- [Task directions] From the records, pick out and copy each line containing "OrientedSpanningTrees".

**** Data

(* Let $(G,q)$ be a pointed graph and $k\ge 0$ an integer. (1) For every oriented $k$-spanning tree $\mathcal T$ of $(G,q)$, the divisor $D_{\mathcal T}$ is $q$-reduced. (2) For every $q$-reduced divisor $D$ with $D(q)=-1$ and $\deg(D)=k-1$, there exists an oriented $k$-spanning tree $\mathcal T$ of $(G,q)$ with $D_{\mathcal T}\sim D$.
   Context: $G$ is a finite connected multigraph without loops with $n$ vertices, $q\in V(G)$. $\mathbb E(G)$ is the set of oriented edges (each edge gives two opposite oriented edges $e,\bar e$, with head $e_+$ and tail $e_-$). For a set $\mathcal P\subseteq\mathbb E(G)$, $\mathrm{indeg}_{\mathcal P}(v)=|\{e\in\mathcal P:e_+=v\}|$ and $D_{\mathcal P}=\sum_v(\mathrm{indeg}_{\mathcal P}(v)-1)(v)$. An oriented $k$-spanning tree of $(G,q)$ is a subset $\mathcal T\subseteq\mathbb E(G)$ with $|\mathcal T|=n-1+k$ such that the directed graph $(V(G),\mathcal T)$ has no directed cycle, $\mathrm{indeg}_{\mathcal T}(q)=0$, and $\mathrm{indeg}_{\mathcal T}(v)\ge1$ for all $v\neq q$ (so $q$ is its unique source). A divisor is an integer combination $D=\sum_v D(v)(v)$ of vertices, $\deg D=\sum_v D(v)$. $D$ is $q$-reduced if $D(v)\ge 0$ for all $v\ne q$ and for every nonempty $A\subseteq V(G)\setminus\{q\}$ there is $v\in A$ such that $D(v)$ is less than the number of edges joining $v$ to vertices outside $A$. Linear equivalence: $D_1\sim D_2$ iff $D_2=D_1-\Delta(f)$ for some $f:V(G)\to\mathbb Z$, where $\Delta(f)=\sum_v\sum_{\{v,w\}\in E(G)}(f(v)-f(w))(v)$. *)

From HB Require Import structures.
From mathcomp Require Import all_boot all_order all_algebra.
Set Implicit Arguments. Unset Strict Implicit. Unset Printing Implicit Defensive.
Import Order.TTheory GRing.Theory Num.Theory.
Local Open Scope ring_scope.

(* A finite multigraph G: vertex type V, edge type E; each edge e joins
   src e and tgt e (an arbitrary reference orientation, used only to
   name the two oriented versions of e). *)
Section Graph.
Variables (V E : finType) (src tgt : E -> V).

Definition loopless : Prop := forall e : E, src e != tgt e.

Definition incident (v : V) (e : E) : bool := (src e == v) || (tgt e == v).

Definition other (v : V) (e : E) : V := if src e == v then tgt e else src e.

Definition adj : rel V :=
  fun v w => [exists e : E, ((src e == v) && (tgt e == w)) || ((src e == w) && (tgt e == v))].
Definition connected_graph : Prop := forall v w : V, connect adj v w.

(* oriented edges: (e, true) goes src e -> tgt e, (e, false) is its opposite *)
Definition ohead (x : E * bool) : V := if x.2 then tgt x.1 else src x.1.
Definition otail (x : E * bool) : V := if x.2 then src x.1 else tgt x.1.

Definition indeg (P : {set E * bool}) (v : V) : nat :=
  #|[set x in P | ohead x == v]|.

Definition div_of (P : {set E * bool}) : V -> int :=
  fun v => (indeg P v)%:Z - 1.

Definition deg (D : V -> int) : int := \sum_(v : V) D v.

Definition darc (P : {set E * bool}) : rel V :=
  fun v w => [exists x in P, (otail x == v) && (ohead x == w)].
Definition dacyclic (P : {set E * bool}) : Prop :=
  forall v w : V, darc P v w -> ~~ connect (darc P) w v.

Definition oriented_kst (q : V) (k : nat) (T : {set E * bool}) : Prop :=
  [/\ #|T| = (#|V| - 1 + k)%N,
      dacyclic T,
      indeg T q = 0%N &
      forall v : V, v != q -> (1 <= indeg T v)%N].

Definition out_edges (A : {set V}) (v : V) : nat :=
  #|[set e : E | incident v e && (other v e \notin A)]|.

Definition q_reduced (q : V) (D : V -> int) : Prop :=
  (forall v : V, v != q -> 0 <= D v) /\
  (forall A : {set V}, A != set0 -> q \notin A ->
     exists2 v, v \in A & D v < (out_edges A v)%:Z).

Definition laplacian (f : V -> int) : V -> int :=
  fun v => \sum_(e : E | incident v e) (f v - f (other v e)).

Definition lin_equiv (D1 D2 : V -> int) : Prop :=
  exists f : V -> int, forall v : V, D2 v = D1 v - laplacian f v.

End Graph.

(* (1) In an acyclic orientation, every nonempty set A of non-root vertices has
   a vertex v with no incoming arc from inside A, so all the arcs into v cross
   the boundary of A and D_T(v) = indeg(v) - 1 < outdeg_A(v).
   (2) Conversely, a q-reduced divisor drives a burning process: starting from
   B = {q}, reducedness of D at the complement of B yields a vertex v outside B
   joined to B by more than D(v) edges; orient D(v) + 1 of them towards v and
   add v to B. Each new vertex gets a rank larger than all previous ones, so
   the arcs increase the rank and the resulting orientation is acyclic, with
   D_T = D exactly. *)
From Pilot Require Import Defs.
From HB Require Import structures.
From mathcomp Require Import all_boot all_order all_algebra.
From mathcomp Require Import zify.
Set Implicit Arguments. Unset Strict Implicit. Unset Printing Implicit Defensive.
Import Order.TTheory GRing.Theory Num.Theory.
Local Open Scope ring_scope.

Section AcyclicRelation.
Variables (T : finType) (e : rel T).

Lemma acyclic_of_rank (r : T -> nat) : (forall v w, e v w -> (r v < r w)%N) ->
  forall v w, e v w -> ~~ connect e w v.
Proof.
move=> r_incr v w evw; have r_mono a b : connect e a b -> (r a <= r b)%N.
  move=> /connectP[p + ->] {b}; elim: p a => //= c p IH a /andP[eac pc].
  exact: leq_trans (ltnW (r_incr _ _ eac)) (IH _ pc).
by apply/negP => /r_mono; rewrite leqNgt r_incr.
Qed.

Hypothesis e_acyclic : forall v w, e v w -> ~~ connect e w v.

Lemma acyclic_exists_minimal (A : {set T}) : A != set0 ->
  exists2 v, v \in A & forall u, u \in A -> ~~ e u v.
Proof.
case/set0Pn=> v0 v0A; pose preds v := [set u in A | connect e u v].
have [v vA0 v_min] := arg_minnP (fun v => #|preds v|) v0A.
have vA : v \in A := vA0.
exists v => // u uA; apply/negP => euv.
have: preds u \proper preds v.
  apply/properP; split.
    apply/subsetP => w; rewrite !inE => /andP[-> /= cwu].
    exact: connect_trans cwu (connect1 euv).
  by exists v; rewrite !inE vA ?connect0 // e_acyclic.
by move/proper_card; rewrite ltnNge v_min.
Qed.

End AcyclicRelation.

Section OrientedSpanningTrees.
Variables (V E : finType) (src tgt : E -> V).
Hypothesis no_loop : loopless src tgt.

Local Notation oh := (Defs.ohead src tgt).
Local Notation ot := (otail src tgt).
Local Notation indeg := (indeg src tgt).
Local Notation out_edges := (out_edges src tgt).

Lemma incident_ohead x : incident src tgt (oh x) x.1.
Proof. by case: x => e [] /=; rewrite /incident /Defs.ohead /= eqxx ?orbT. Qed.

Lemma other_ohead x : other src tgt (oh x) x.1 = ot x.
Proof.
case: x => e [] /=; rewrite /other /Defs.ohead /otail /= ?eqxx //.
by rewrite (negbTE (no_loop e)).
Qed.

Lemma ohead_inj x y : x.1 = y.1 -> oh x = oh y -> x = y.
Proof.
case: x y => e b [e' b'] /= <-; rewrite /Defs.ohead /=.
by case: b b' => -[] //= tgt_src; have := no_loop e; rewrite tgt_src eqxx.
Qed.

Lemma indeg_le_out_edges (T : {set E * bool}) (A : {set V}) v :
  (forall x, x \in T -> oh x = v -> ot x \notin A) ->
  (indeg T v <= out_edges A v)%N.
Proof.
move=> tails_out; rewrite /Defs.indeg /Defs.out_edges -(card_in_imset (f := fst)).
  apply/subset_leq_card/subsetP => _ /imsetP[x /[!inE] /andP[xT /eqP xv] ->].
  by rewrite -xv incident_ohead other_ohead tails_out.
move=> x y /[!inE] /andP[_ /eqP xv] /andP[_ /eqP yv] xy.
by apply: ohead_inj; rewrite ?xv ?yv.
Qed.

Lemma kst_div_reduced q k T :
  oriented_kst src tgt q k T -> q_reduced src tgt q (div_of src tgt T).
Proof.
case=> _ T_acyclic _ indeg_pos; split=> [v /indeg_pos | A A_neq0 qNA].
  by rewrite /div_of; lia.
have [v vA v_min] := acyclic_exists_minimal T_acyclic A_neq0.
exists v => //; suff: (indeg T v <= out_edges A v)%N by rewrite /div_of; lia.
apply: indeg_le_out_edges => x xT xv; apply/negP => otA.
by have /negP := v_min _ otA; apply; apply/existsP; exists x; rewrite xT xv !eqxx.
Qed.

Lemma card_eq_sum_indeg (T : {set E * bool}) : #|T| = (\sum_v indeg T v)%N.
Proof.
rewrite -sum1_card (partition_big oh predT) //=.
by apply: eq_bigr => v _; rewrite /Defs.indeg -sum1_card; apply: eq_bigl => x; rewrite inE.
Qed.

Lemma indegU (T N : {set E * bool}) v : [disjoint T & N] ->
  indeg (T :|: N) v = (indeg T v + indeg N v)%N.
Proof.
move=> TN; rewrite /Defs.indeg -cardsUI.
have -> : [set x in T :|: N | oh x == v] =
          [set x in T | oh x == v] :|: [set x in N | oh x == v].
  by apply/setP => x; rewrite !inE andb_orl.
suff /eqP -> : [set x in T | oh x == v] :&: [set x in N | oh x == v] == set0.
  by rewrite cards0 addn0.
rewrite -subset0; apply/subsetP => x; rewrite !inE => /andP[/andP[xT _] /andP[xN _]].
by rewrite (disjointFr TN xT) in xN.
Qed.

Lemma indeg_eq0 (T : {set E * bool}) v :
  (forall x, x \in T -> oh x != v) -> indeg T v = 0%N.
Proof.
move=> heads_neq; apply/eqP; rewrite cards_eq0; apply/eqP/setP => x; rewrite !inE.
by apply/negbTE/andP => -[/heads_neq/negPf ->].
Qed.

Lemma indeg_all (T : {set E * bool}) v :
  (forall x, x \in T -> oh x = v) -> indeg T v = #|T|.
Proof.
by move=> heads_eq; apply: eq_card => x; rewrite inE andb_idr // => /heads_eq->.
Qed.

(* A stage of the burning process: the burnt set B, the arcs T chosen so far,
   all inside B, and a ranking r of B increasing along the arcs. *)
Definition partial_tree q D (B : {set V}) (T : {set E * bool}) (r : V -> nat) :=
  [/\ q \in B,
      forall x, x \in T ->
        [/\ oh x \in B, ot x \in B, oh x != q & (r (ot x) < r (oh x))%N],
      forall v, v \in B -> (r v < #|B|)%N &
      forall v, v \in B -> v != q -> (indeg T v)%:Z = D v + 1].

Definition orient_into (v : V) (e : E) : E * bool := (e, tgt e == v).

Lemma orient_into_head v e : incident src tgt v e -> oh (orient_into v e) = v.
Proof.
rewrite /incident /orient_into /Defs.ohead /=.
by case: (tgt e =P v) => //= _ /orP[/eqP|/eqP].
Qed.

Lemma orient_into_tail v e :
  incident src tgt v e -> ot (orient_into v e) = other src tgt v e.
Proof.
rewrite /incident /orient_into /otail /other /=.
case: (tgt e =P v) => [<-|_ /orP[/eqP ->|//]]; last by rewrite eqxx.
by rewrite (negbTE (no_loop e)).
Qed.

Lemma exists_arcs_into (B : {set V}) v n : (n <= out_edges (~: B) v)%N ->
  exists N : {set E * bool},
    #|N| = n /\ forall x, x \in N -> oh x = v /\ ot x \in B.
Proof.
case/card_geqP=> s [s_uniq s_size s_out].
exists [set orient_into v e | e in s]; split.
  by rewrite card_imset -?s_size; [apply/card_uniqP | move=> e1 e2 []].
move=> _ /imsetP[e /s_out /[!inE] /andP[ve /negPn e_out] ->].
by rewrite orient_into_head // orient_into_tail.
Qed.

Lemma partial_tree_extend q D B T r : q_reduced src tgt q D ->
  partial_tree q D B T r -> B != setT ->
  exists B' T' r', partial_tree q D B' T' r' /\ (#|B| < #|B'|)%N.
Proof.
case=> D_ge0 D_red [qB T_in r_lt indegT] B_neqT.
have CB_neq0 : ~: B != set0 by apply: contra B_neqT; rewrite -setCT => /eqP/setC_inj ->.
have [v vNB lt_out] : exists2 v, v \in ~: B & D v < (out_edges (~: B) v)%:Z.
  by apply: D_red CB_neq0 _; rewrite inE qB.
rewrite inE in vNB; have vq : v != q by apply: contraNneq vNB => ->.
have enough_edges : (`|D v|.+1 <= out_edges (~: B) v)%N.
  by move: lt_out (D_ge0 _ vq); lia.
have [N [N_card N_in]] := exists_arcs_into enough_edges.
have TN : [disjoint T & N].
  apply/pred0P => x /=; apply/andP => -[/T_in[ohB _ _ _] /N_in[xv _]].
  by move: ohB; rewrite xv; apply/negP.
have indegN w : indeg N w = if w == v then #|N| else 0%N.
  case: eqP => [->|/eqP wv]; first by apply: indeg_all => x /N_in[].
  by apply: indeg_eq0 => x /N_in[-> _]; rewrite eq_sym.
have indegTv : indeg T v = 0%N.
  by apply: indeg_eq0 => x /T_in[ohB _ _ _]; apply: contraNneq vNB => <-.
exists (v |: B), (T :|: N), (fun w => if w == v then #|B| else r w).
split; last by rewrite cardsU1 vNB.
split=> [|x|w|w]; rewrite ?inE ?cardsU1 ?vNB.
- by rewrite qB orbT.
- case/orP=> [/T_in[ohB otB ohq r_ot]|/N_in[-> otB]].
    by rewrite ohB otB !orbT !ifN ?(memPn vNB).
  by rewrite eqxx otB vq orbT ifN ?(memPn vNB) ?r_lt.
- by case: eqP => //= _ /r_lt; lia.
- rewrite indegU // indegN; case: eqP => [-> _ _|_ /= wB wq].
    by rewrite indegTv N_card; move: (D_ge0 _ vq); lia.
  by rewrite addn0 indegT.
Qed.

Lemma partial_tree_exists q D : q_reduced src tgt q D ->
  exists T r, partial_tree q D setT T r.
Proof.
move=> D_red; suff grow m : (m <= #|V|)%N ->
    exists B T r, partial_tree q D B T r /\ (m <= #|B|)%N.
  have [B [T [r [tree_B V_le_B]]]] := grow _ (leqnn _).
  exists T, r; suff <- : B = setT by [].
  by apply/eqP; rewrite eqEcard subsetT cardsT.
elim: m => [_|m IH m_lt].
  exists [set q], set0, (fun _ => 0%N); split=> //; split=> [||v|v].
  - by rewrite inE.
  - by move=> x; rewrite in_set0.
  - by rewrite cards1.
  - by rewrite inE => /eqP ->; rewrite eqxx.
have [B [T [r [tree_B m_le_B]]]] := IH (ltnW m_lt).
have [lt_m_B|le_B_m] := ltnP m #|B|; first by exists B, T, r.
have B_neqT : B != setT.
  by apply: contraTneq m_lt => B_T; move: le_B_m; rewrite B_T cardsT leqNgt.
have [B' [T' [r' [tree_B' lt_B_B']]]] := partial_tree_extend D_red tree_B B_neqT.
by exists B', T', r'; split=> //; lia.
Qed.

Lemma spanning_partial_tree_kst q k D T r : q_reduced src tgt q D ->
  D q = -1 -> deg D = k%:Z - 1 -> partial_tree q D setT T r ->
  oriented_kst src tgt q k T /\ div_of src tgt T =1 D.
Proof.
move=> [D_ge0 _] Dq degD [_ T_in _ indegT].
have indeg_q : indeg T q = 0%N by apply: indeg_eq0 => x /T_in[].
have divD v : div_of src tgt T v = D v.
  rewrite /div_of; have [->|vq] := eqVneq v q; first by rewrite indeg_q Dq.
  by rewrite indegT ?inE // addrK.
have card_T : #|T|%:Z = k%:Z - 1 + #|V|%:Z.
  rewrite -degD /deg -(eq_bigr _ (fun v _ => divD v)) /div_of sumrB sumr_const.
  rewrite card_eq_sum_indeg natz subrK -natz natr_sum.
  by apply: eq_bigr => v _; rewrite natz.
have V_gt0 : (0 < #|V|)%N by apply/card_gt0P; exists q.
split=> //; split=> [||//|v vq].
- by lia.
- apply: (acyclic_of_rank (r := r)) => _ _ /existsP[x /and3P[xT /eqP <- /eqP <-]].
  by case: (T_in _ xT).
- by have := indegT _ (in_setT v) vq; have := D_ge0 _ vq; lia.
Qed.

End OrientedSpanningTrees.

Theorem mainTheorem2 (V E : finType) (src tgt : E -> V) (q : V) (k : nat) :
  loopless src tgt -> connected_graph src tgt ->
  (forall T : {set E * bool}, oriented_kst src tgt q k T ->
     q_reduced src tgt q (div_of src tgt T))
  /\
  (forall D : V -> int, q_reduced src tgt q D -> D q = -1 -> deg D = k%:Z - 1 ->
     exists T : {set E * bool},
       oriented_kst src tgt q k T /\ lin_equiv src tgt (div_of src tgt T) D).
Proof.
move=> no_loop _; split=> [T|D D_red Dq degD]; first exact: kst_div_reduced.
have [T [r tree_T]] := partial_tree_exists no_loop D_red.
have [T_kst divD] := spanning_partial_tree_kst D_red Dq degD tree_T.
exists T; split=> //; exists (fun _ => 0) => v.
by rewrite divD /laplacian big1 ?subr0 // => e _; rewrite subrr.
Qed.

********

- [Result of the task]
Section OrientedSpanningTrees.
End OrientedSpanningTrees.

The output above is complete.